The DSBR model predicts that palindrome markers on the two sides of the DSB should segregate 5:3/5:3 except when repair of hDNA intervenes (Figure 1) (Foss et al. 1999). As indicated above, nick-directed repair from position 2 is consistent with the bias in normal 4:4 segregation to the left of the DSB in those recombinants in which the distance from the initiating nick to the palindrome mismatch is within the threshold. However, what repair system acts to remove palindrome mismatches when the threshold distance from the nick to the palindrome is exceeded? Two mechanisms are possible: (i) junction cuts (or, possibly, unligated 3′-ends; Stahl et al. 2004) at positions 2′ and 4′ direct removal of DSB proximal palindromes (early repair of hDNA) (McGill et al. 1989; Haber et al. 1993; Foss et al. 1999) and (ii) palindromes are removed by localized (nick-independent) repair (Weiss and Wilson 1987; Bollag et al. 1992; Bill et al. 2001). With regard to mechanism (i), nicks at positions 2′ and 4′ would be located at variable distances from the palindrome mismatches due to the different lengths of homology in the four gene-targeting vectors used in generating the recombinants. Assuming that the same threshold distance limits hDNA repair initiated from these nicks, a competition among nicks at 2′, 2, and 4′ to direct repair of adjacent hDNA would exist.

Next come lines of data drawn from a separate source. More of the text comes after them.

Lemma line_poly0 j : (line_poly j).[0] = w j /\ (line_poly j)^`().[0] = u j.
Proof.
rewrite /line_poly derivD derivC add0r derivM derivC derivX mul0r add0r mulr1.
by rewrite !(hornerD, hornerM, hornerC, hornerX) mulr0 addr0.
Qed.

Let first_order P := (restr_line P).[0] = P.@[w] /\
  (restr_line P)^`().[0] = \sum_i u i * (mderiv i P).@[w].

Lemma restr_lineD P Q : restr_line (P + Q) = restr_line P + restr_line Q.
Proof. by rewrite /restr_line !raddfD. Qed.

Lemma restr_lineM P Q : restr_line (P * Q) = restr_line P * restr_line Q.
Proof. by rewrite /restr_line !rmorphM. Qed.

Let first_orderD P Q : first_order P -> first_order Q -> first_order (P + Q).
Proof.
rewrite /first_order restr_lineD; move: (restr_line P) (restr_line Q) => p q.
rewrite derivD !hornerD => -[-> ->] [-> ->].
rewrite mevalD -big_split; split=> //; apply: eq_bigr => i _ /=.
by rewrite mderivD mevalD mulrDr.
Qed.

Let first_orderM P Q : first_order P -> first_order Q -> first_order (P * Q).
Proof.
rewrite /first_order restr_lineM; move: (restr_line P) (restr_line Q) => p q.
rewrite derivM !(hornerD, hornerM) => -[-> ->] [-> ->]; rewrite mevalM; split=> //.
rewrite mulr_suml mulr_sumr -big_split; apply: eq_bigr => i _ /=.
by rewrite mderivM mevalD !mevalM; ring.
Qed.

Let first_orderC c : first_order c%:MP.
Proof.
rewrite /first_order /restr_line map_mpolyC !mevalC hornerC derivC horner0.
by split=> //; rewrite big1 // => i _; rewrite mderivC meval0 mulr0.
Qed.

Let first_orderX j : first_order 'X_j.
Proof.
rewrite /first_order /restr_line map_mpolyX !mevalXU; have [-> ->] := line_poly0 j.
split=> //; rewrite (bigD1 j) //= big1 ?addr0 => [|i ij].
  by rewrite mderivXU_meval eqxx mulr1.
by rewrite mderivXU_meval eq_sym (negbTE ij) mulr0.
Qed.

Lemma restr_line_first_order P :
  (restr_line P).[0] = P.@[w] /\
  (restr_line P)^`().[0] = \sum_i u i * (mderiv i P).@[w].
Proof.
have first_order1 : first_order 1 by rewrite -(mpolyC1 n L); apply: first_orderC.
elim/mpolyind: P => [|c m p _ _ IH]; first by rewrite -(mpolyC0 n L); apply: first_orderC.
apply: first_orderD => //; rewrite -mul_mpolyC; apply: first_orderM; first exact: first_orderC.
rewrite mpolyXE_id; apply: (big_ind first_order) => // i _.
elim: (m i) => [|k IHk]; first by rewrite expr0.
by rewrite exprS; exact: first_orderM (first_orderX i) IHk.
Qed.

End LineRestriction.

Lemma restr_line_homog (L : fieldType) n (F : {mpoly L[n]}) d (w : 'I_n -> L) :
  F \is d.-homog -> restr_line w w F = ('X + 1) ^+ d * (F.@[w])%:P.
Proof.
move=> /dhomogP F_hom; rewrite /restr_line {1}(mpolyE F).
rewrite (big_morph (map_mpoly polyC) (raddfD _) (raddf0 _)).
rewrite (big_morph (meval (line_poly w w)) (raddfD _) (raddf0 _)).
rewrite [F.@[w]]mevalE rmorph_sum mulr_sumr; apply: eq_big_seq => m m_supp.
rewrite map_mpolyZ map_mpolyX mevalZ mevalX rmorphM rmorph_prod /=.
have line_ww i : line_poly w w i = ('X + 1) * (w i)%:P by rewrite /line_poly; ring.
under eq_bigr => i _ do rewrite line_ww exprMn.
rewrite big_split /= prodrXr -mdegE F_hom // mulrCA; congr (_ * (_ * _)).
by apply: eq_bigr => i _; rewrite rmorphXn.
Qed.

Lemma mpoly_euler (L : fieldType) n (F : {mpoly L[n]}) d (w : 'I_n -> L) :
  F \is d.-homog -> \sum_i w i * (mderiv i F).@[w] = d%:R * F.@[w].
Proof.
move=> F_hom; have [_ <-] := restr_line_first_order w w F.
rewrite (restr_line_homog _ F_hom) derivM derivC mulr0 addr0 deriv_exp derivD derivX derivC addr0.
rewrite !(hornerM, hornerC, hornerMn, horner_exp, hornerD, hornerX).
by rewrite add0r expr1n !mulr1 mulr_natl.
Qed.

Section MapMpoly.
Variables (n : nat) (R S : comNzRingType).

Lemma map_mpoly_comp_fun (T : comNzRingType) (phi : {rmorphism R -> S})
    (psi : {rmorphism S -> T}) (p : {mpoly R[n]}) :
  map_mpoly psi (map_mpoly phi p) = map_mpoly (psi \o phi) p.
Proof. by apply/mpolyP => m; rewrite !mcoeff_map_mpoly. Qed.

Lemma rmorph_meval (phi : {rmorphism R -> S}) (p : {mpoly R[n]}) (v : 'I_n -> R) :
  phi p.@[v] = (map_mpoly phi p).@[phi \o v].
Proof.
elim/mpolyind: p => [|c m p _ _ IH]; first by rewrite !raddf0.
rewrite !raddfD /= IH mevalZ map_mpolyZ mevalZ map_mpolyX !mevalX rmorphM rmorph_prod.
by congr (_ * _ + _); apply: eq_bigr => i _; rewrite rmorphXn.
Qed.

Lemma map_mpoly_mderiv (phi : {rmorphism R -> S}) (p : {mpoly R[n]}) i :
  map_mpoly phi (mderiv i p) = mderiv i (map_mpoly phi p).
Proof. by apply/mpolyP => m; rewrite mcoeff_map_mpoly !mcoeff_deriv mcoeff_map_mpoly raddfMn. Qed.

If we analyze segregation classes 2, 3, 7, and 10–12 (recombinants that are conveniently explained by hDNA repair of a 5:3/5:3 intermediate), then we observe that, apart from markers to the left of the DSB in recombinants generated with vectors pCμpalShort/Short and pCμpalShort/Long (where restoration outnumbers conversion), conversion outnumbers restoration (68–32%). Thus, there appears to be a competition between nick-directed removal of the palindrome at position 2 and early repair of the palindrome from positions 2′ and 4′. This result is not expected from a localized (nick-independent) repair process [mechanism (ii) above], since this mechanism would be expected to act uniformly on all palindrome mismatches that exceed the threshold distance. Thus, the results favor the interpretation that when the threshold distance for restorational repair is exceeded, early repair of hDNA may occur.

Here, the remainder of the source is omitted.